Physical Chemistry Research
Volume:3 Issue: 2, Spring 2015

Magnesium oxide nanoclusters have attracted much attention due to their potential applications to catalysis and novel optoelectronic materials. In the present study, we have studied the electronic and magnetic properties of the stoichiometric magnesium oxide nanoclusters (MgO)n for n = 2-20. Although the binding energy increases with the size of the cluster, it reaches the asymptotic limit of about 66.0 eV per unit for relatively large n value. The static dipole polarizability also exhibits distinct size dependence, reflecting clearly the structural transition when the cluster grows. The polarizability and the binding energy of the clusters are found to be inversely related to each other and their correlation is rationalized by invoking the minimum polarizability principle. Moreover, principle of maximum hardness is also used to characterize the magic number clusters.

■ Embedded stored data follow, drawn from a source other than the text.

Lemma R_lhdT_R_T (X : tens (tens C C) (tens C C)) : R_lhdT delta T X = R_T delta T X.
Proof.
have hD := tdelta_linear hd hd; have hL := lhdT_linear.
move: X; apply: tens22_ext.
- by rewrite /R_lhdT; apply: tlift_linear; linearity.
- by rewrite /R_T /sw3 /delta3 /tmap; apply: tlift_linear; linearity.
move=> u v m n; rewrite /R_lhdT /R_T /sw3 /delta3 /tmap; tens_normT.
on_rhs coassoc.
on_rhs ltac:(under eq_tlift => a w do under eq_tlift => b0 b do coassoc).
by on_lhs ltac:(under eq_tlift => a b do pull_sum (delta b)).
Qed.

Let tdelta_tlift (V W : lmodType K) (G : V -> W -> tens C C) x :
  tdelta delta delta (tlift G x) = tlift (fun a b => tdelta delta delta (G a b)) x.
Proof. exact: (tlift_morph _ _ (tdelta_linear hd hd)). Qed.

Let lhdT_tlift (V W : lmodType K) (G : V -> W -> tens (tens C C) (tens C C)) x :
  lhdT delta T (tlift G x) = tlift (fun a b => lhdT delta T (G a b)) x.
Proof. exact: (tlift_morph _ _ lhdT_linear). Qed.

Let tmap_lhdT_tlift (V W : lmodType K)
  (G : V -> W -> tens (tens (tens C C) (tens C C)) (tens (tens C C) (tens C C))) x :
  tmap (lhdT delta T) (lhdT delta T) (tlift G x) =
  tlift (fun a b => tmap (lhdT delta T) (lhdT delta T) (G a b)) x.
Proof. exact: (tlift_morph _ _ (tmap_linear lhdT_linear lhdT_linear)). Qed.

Let tmap_lhdT_pure X Y :
  tmap (lhdT delta T) (lhdT delta T) (X \ot Y) = lhdT delta T X \ot lhdT delta T Y.
Proof. exact: (tmap_pure _ _ lhdT_linear lhdT_linear). Qed.
Theorem mainTheorem6 (t : nat) (L : {set signvec t}) (k : nat) :
  1 <= t -> om_covectors L -> om_simple L ->
  1 <= k -> 2 * k <= #|topes L| ->
  let TT := topes L in
  let h := (#|TT| - k + 1) %/ 2 in
  let P := [set S : {set tope t} |
              [exists e : 'I_t, (S \subset Tplus TT e) && (#|S| == h)]] in
  let EP := union_lattice P in
  Posz (kappa_ring TT k) =
    (Posz ('C(#|TT| %/ 2, k) * 2 ^ k)%N +
     \sum_(G in EP | ((0 < #|G|) && (#|G| <= #|TT| - k))%N)
       mobius0 EP G *
       Posz (\sum_(j < k.+1)
          'C(#|G :|: negset G| - #|G|, j) *
          'C((#|TT| - #|G :|: negset G|) %/ 2, k - j) * 2 ^ (k - j))%N)%R.
Proof.
move=> t_gt0 omL _ k_gt0 lekT TT h P EP; have {}lekT : 2 * k <= #|TT| := lekT.
have clT : tneg_closed TT := topes_tneg_closed omL.
have PE : P = committee_blockers TT k by [].
have sEP G : G \in EP -> G \subset TT.
  by apply: union_lattice_sub => S; rewrite PE => /committee_blockers_sub.
have kappaE : kappa_ring TT k =
    #|[set K in nopp_subsets TT k | ~~ [exists S in P, [disjoint S & K]]]|.
  apply: eq_card => K; rewrite !inE PE.
  have [sKT|] := boolP (K \subset TT) => //=; have [cK|] := eqVneq #|K| k => //=.
  by rewrite (is_committeeE clT sKT) cK // andbC.
rewrite kappaE card_avoiding_mobius -/EP; last first.
  by move=> S; rewrite PE; apply: committee_blockers_neq0.
rewrite (bigD1 set0) ?set0_union_lattice //= mobius0_set0 mul1r.
rewrite nopp_subsets_disjoint setD0 card_nopp_subsets_closed //; congr (_ + _)%R.
rewrite (bigID (fun G : {set tope t} => #|G| <= #|TT| - k)) /= [X in (_ + X)%R]big1 ?addr0.
  apply: eq_big => [G|G /andP[/andP[GE _] _]]; first by rewrite card_gt0 andbA.
  by rewrite nopp_subsets_disjoint card_nopp_subsets_setD ?sEP.
move=> G /andP[/andP[GE _]]; rewrite -ltnNge => ltG.
rewrite nopp_subsets_disjoint nopp_subsets_gt ?cards0 ?mulr0 //.
rewrite cardsDS ?sEP // ltn_subCl ?subset_leq_card ?sEP //.
exact: leq_trans (leq_pmull _ _) lekT.
Qed.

A well-defined linear correlation is found between static dipole polarizability and the inverse of ionization potential. The most important feature of this work is the NMR study of MgO clusters which is reported for the first time. For each cluster size, the calculated NMR parameters at 17O nuclei together with electronic and structural data provide detailed insight into the properties of bulk and in particular of nanosized structures. Variation of 17O chemical shieldings demonstrates the electrostatic environment divisions around the oxygen nuclei which in turn originate from the cluster structure and its symmetry.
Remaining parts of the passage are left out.